Key parameters: `max_new_tokens`, `temperature`, `top_p`, `top_k`, `num_beams`, `repetition_penalty`.


In [6]:
lm_id = 'gpt2'  # small demo model
tok_lm = AutoTokenizer.from_pretrained(lm_id)
lm = AutoModelForCausalLM.from_pretrained(lm_id)
inputs = tok_lm('In data science, transformers are', return_tensors='pt')
out = lm.generate(**inputs, max_new_tokens=64, do_sample=True, temperature=0.7, top_p=0.9)
print(tok_lm.decode(out[0], skip_special_tokens=True))


Setting `pad_token_id` to `eos_token_id`:50256 for open-end generation.


In data science, transformers are the most common form of data manipulation, and have been used for centuries in many fields. They can be used to manipulate the data of many different types of applications.

Transformers are a popular tool for data analysis, but they are not the only tool for data manipulation. In fact, the most common use of


## 3) Devices and Memory
- Definition: `device_map="auto"` automatically places layers across CPU/GPU/MPS; `torch_dtype` sets numeric precision; quantization loads 8/4-bit weights.
- Why: Fit models in memory and run them faster on your hardware.
Use `device_map="auto"` to place weights on available accelerators. Reduce memory via `torch_dtype=torch.float16` or 8/4-bit loading (requires `bitsandbytes`).
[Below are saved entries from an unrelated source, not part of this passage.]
(* For all $a,b>0$ and $0\le v\le 1$, with $\mu:=\min\{1-v,v\}$, $$G(a,b)\le Hz_v(a,b)\le \left\{1+\frac{\mu^2}{2}\left(\log a-\log b\right)^2\right\}Hz_v(a,b)\le A(a,b).$$
   Context: For $a,b>0$: $A(a,b):=\frac{a+b}{2}$, $G(a,b):=\sqrt{ab}$, and for $0\le v\le 1$ the Heinz mean is $Hz_v(a,b):=\frac{a^{1-v}b^v+a^{v}b^{1-v}}{2}$. *)

From Stdlib Require Import Reals.
Open Scope R_scope.

Definition AM (a b : R) : R := (a + b) / 2.
Definition GM (a b : R) : R := sqrt (a * b).
Definition Heinz (v a b : R) : R :=
  (Rpower a (1 - v) * Rpower b v + Rpower a v * Rpower b (1 - v)) / 2.

(** Put a = e^(m + t/2) and b = e^(m - t/2).  Then G = e^m, Hz_v = e^m cosh((1/2 - v) t)
    and A = e^m cosh(t/2), and Hz_v depends on v only through mu, so the chain reduces to
    (1 + mu^2 t^2 / 2) cosh((1/2 - mu) t) <= cosh(t/2).  Splitting t/2 = w + d with
    w = (1/2 - mu) t and d = mu t, this follows from
    cosh(w + d) = cosh w cosh d + sinh w sinh d >= cosh w (1 + d^2/2),
    because sinh w and sinh d both have the sign of t and cosh d >= 1 + d^2/2. *)
From Stdlib Require Import Reals Lra.
Open Scope R_scope.

Lemma cosh_ge_1 x : 1 <= cosh x.
Proof.
  unfold cosh.
  pose proof (exp_ineq1_le x); pose proof (exp_ineq1_le (- x)).
  lra.
Qed.

Lemma cosh_opp x : cosh (- x) = cosh x.
Proof. unfold cosh. rewrite Ropp_involutive. field. Qed.

Lemma cosh_plus x y : cosh (x + y) = cosh x * cosh y + sinh x * sinh y.
Proof.
  unfold cosh, sinh.
  rewrite Ropp_plus_distr, !exp_plus.
  field.
Qed.

Lemma cosh_double x : cosh (2 * x) = 1 + 2 * sinh x ^ 2.
Proof.
  replace (2 * x) with (x + x) by ring.
  rewrite cosh_plus.
  unfold cosh, sinh.
  rewrite exp_Ropp.
  field. apply Rgt_not_eq, exp_pos.
Qed.

Lemma id_le_sinh x : 0 <= x -> x <= sinh x.
Proof.
  intro Hx.
  assert (Hder : derivable (sinh - id)%F)
    by (apply derivable_minus; [apply derivable_sinh | apply derivable_id]).
  assert (Hincr : increasing (sinh - id)%F).
  { apply (nonneg_derivative_1 _ Hder). intro y.
    rewrite (pr_nu _ y _
      (derivable_pt_minus _ _ y (derivable_pt_sinh y) (derivable_pt_id y))).
    rewrite derive_pt_minus, derive_pt_sinh, derive_pt_id.
    pose proof (cosh_ge_1 y). lra. }
  specialize (Hincr 0 x Hx).
  unfold minus_fct, id in Hincr. rewrite sinh_0 in Hincr.
  lra.
Qed.

Lemma sinh_opp x : sinh (- x) = - sinh x.
Proof. unfold sinh. rewrite Ropp_involutive. field. Qed.

Lemma cosh_ge_quadratic x : 1 + x ^ 2 / 2 <= cosh x.
Proof.
  replace x with (2 * (x / 2)) at 2 by field.
  rewrite cosh_double.
  enough (Hsq : (x / 2) ^ 2 <= sinh (x / 2) ^ 2) by lra.
  destruct (Rle_dec 0 x) as [Hx | Hx].
  - pose proof (id_le_sinh (x / 2) ltac:(lra)). nra.
  - pose proof (id_le_sinh (- (x / 2)) ltac:(lra)).
    rewrite sinh_opp in *. nra.
Qed.

Lemma sinh_mul_nonneg x y : 0 <= x * y -> 0 <= sinh x * sinh y.
Proof.
  intro Hxy.
  destruct (Rle_dec 0 x) as [Hx | Hx], (Rle_dec 0 y) as [Hy | Hy].
  - pose proof (id_le_sinh x Hx); pose proof (id_le_sinh y Hy). nra.
  - replace x with 0 by nra. rewrite sinh_0. lra.
  - replace y with 0 by nra. rewrite sinh_0. lra.
  - pose proof (id_le_sinh (- x) ltac:(lra)); pose proof (id_le_sinh (- y) ltac:(lra)).
    rewrite sinh_opp in *. nra.
Qed.

Lemma cosh_plus_ge x d : 0 <= x * d -> (1 + d ^ 2 / 2) * cosh x <= cosh (x + d).
Proof.
  intro Hxd.
  rewrite cosh_plus.
  pose proof (cosh_ge_quadratic d); pose proof (cosh_ge_1 x).
  pose proof (sinh_mul_nonneg x d Hxd).
  nra.
Qed.

Lemma cosh_half_ge mu t : 0 <= mu <= 1 / 2 ->
  (1 + mu ^ 2 / 2 * t ^ 2) * cosh ((1 / 2 - mu) * t) <= cosh (t / 2).
Proof.
  intro Hmu.
  replace (t / 2) with ((1 / 2 - mu) * t + mu * t) by field.
  replace (mu ^ 2 / 2 * t ^ 2) with ((mu * t) ^ 2 / 2) by field.
  apply cosh_plus_ge.
  replace ((1 / 2 - mu) * t * (mu * t)) with ((1 / 2 - mu) * mu * t ^ 2) by ring.
  apply Rmult_le_pos; [nra | apply pow2_ge_0].
Qed.

Lemma cosh_half_sub_Rmin v t :
  cosh ((1 / 2 - Rmin (1 - v) v) * t) = cosh ((1 / 2 - v) * t).
Proof.
  unfold Rmin; destruct Rle_dec; [| reflexivity].
  rewrite <- (cosh_opp ((1 / 2 - v) * t)). f_equal. field.
Qed.

Lemma GM_exp x y : GM (exp x) (exp y) = exp ((x + y) / 2).
Proof.
  unfold GM.
  rewrite <- exp_plus.
  replace (x + y) with ((x + y) / 2 + (x + y) / 2) at 1 by field.
  rewrite exp_plus.
  apply sqrt_square, Rlt_le, exp_pos.
Qed.

Lemma AM_exp x y : AM (exp x) (exp y) = exp ((x + y) / 2) * cosh ((x - y) / 2).
Proof.
  unfold AM, cosh.
  rewrite Rmult_div_assoc, Rmult_plus_distr_l, <- !exp_plus.
  f_equal; f_equal; f_equal; field.
Qed.

Lemma Heinz_exp v x y :
  Heinz v (exp x) (exp y) = exp ((x + y) / 2) * cosh ((1 / 2 - v) * (x - y)).
Proof.
  unfold Heinz, Rpower, cosh.
  rewrite !ln_exp, Rmult_div_assoc, Rmult_plus_distr_l, <- !exp_plus.
  f_equal; f_equal; f_equal; field.
Qed.

Theorem corollary2p4 (a b v : R) (ha : 0 < a) (hb : 0 < b)
  (hv0 : 0 <= v) (hv1 : v <= 1) :
  let mu := Rmin (1 - v) v in
  GM a b <= Heinz v a b /\
  Heinz v a b <= (1 + mu ^ 2 / 2 * (ln a - ln b) ^ 2) * Heinz v a b /\
  (1 + mu ^ 2 / 2 * (ln a - ln b) ^ 2) * Heinz v a b <= AM a b.
Proof.
  intro mu.
  assert (Hmu : 0 <= mu <= 1 / 2) by (unfold mu, Rmin; destruct Rle_dec; lra).
  set (x := ln a); set (y := ln b).
  rewrite <- (exp_ln a ha), <- (exp_ln b hb).
  fold x y.
  rewrite GM_exp, AM_exp, Heinz_exp, <- (cosh_half_sub_Rmin v).
  fold mu.
  set (t := x - y).
  set (E := exp ((x + y) / 2)).
  set (C := cosh ((1 / 2 - mu) * t)).
  set (q := mu ^ 2 / 2 * t ^ 2).
  assert (HE : 0 < E) by apply exp_pos.
  assert (HC : 1 <= C) by apply cosh_ge_1.
  assert (Hq : 0 <= q)
    by (apply Rmult_le_pos; [pose proof (pow2_ge_0 mu); lra | apply pow2_ge_0]).
  pose proof (cosh_half_ge mu t Hmu) as Hhalf; fold C q in Hhalf.
  assert (HEC : 0 <= E * C) by nra.
  split; [| split].
  - nra.
  - nra.
  - rewrite Rmult_comm, Rmult_assoc. apply Rmult_le_compat_l; lra.
Qed.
### Experiment: benchmark dtype & device
We compare runtime and memory across supported devices/dtypes. On CPU, float16 compute is usually not supported, so we skip it.


In [7]:
import time, torch
from transformers import AutoTokenizer, AutoModelForSequenceClassification

name = 'distilbert-base-uncased-finetuned-sst-2-english'
texts = ['STUDYING DATA SCIENCE IS FUN!'] * 16

devices = []
if torch.cuda.is_available(): devices.append('cuda')
if getattr(torch.backends, 'mps', None) and torch.backends.mps.is_available():
    devices.append('mps')
devices.append('cpu')

rows = []
for device in devices:
    for dtype in (torch.float32, torch.float16):
        if device == 'cpu' and dtype is torch.float16:
            continue
        tok = AutoTokenizer.from_pretrained(name)
        mdl = AutoModelForSequenceClassification.from_pretrained(name, dtype=dtype)
        mdl.to(device)
        batch = tok(texts, padding=True, truncation=True, return_tensors='pt')
        batch = {k: v.to(device) for k, v in batch.items()}
        # Estimate parameter memory
        param_mb = sum(p.numel() * p.element_size() for p in mdl.parameters()) / 1e6
        # Optional: GPU peak memory
        if device == 'cuda':
            torch.cuda.reset_peak_memory_stats()
        # Warmup + timed run
        with torch.no_grad(): mdl(**batch)
        t0 = time.perf_counter()
        with torch.no_grad():
            for _ in range(10): mdl(**batch)
        dt = time.perf_counter() - t0
        peak_mb = None
        if device == 'cuda':
            peak_mb = torch.cuda.max_memory_allocated() / 1e6
        rows.append((device, str(dtype).replace('torch.', ''), round(param_mb,1), round(dt,3), None if peak_mb is None else round(peak_mb,1)))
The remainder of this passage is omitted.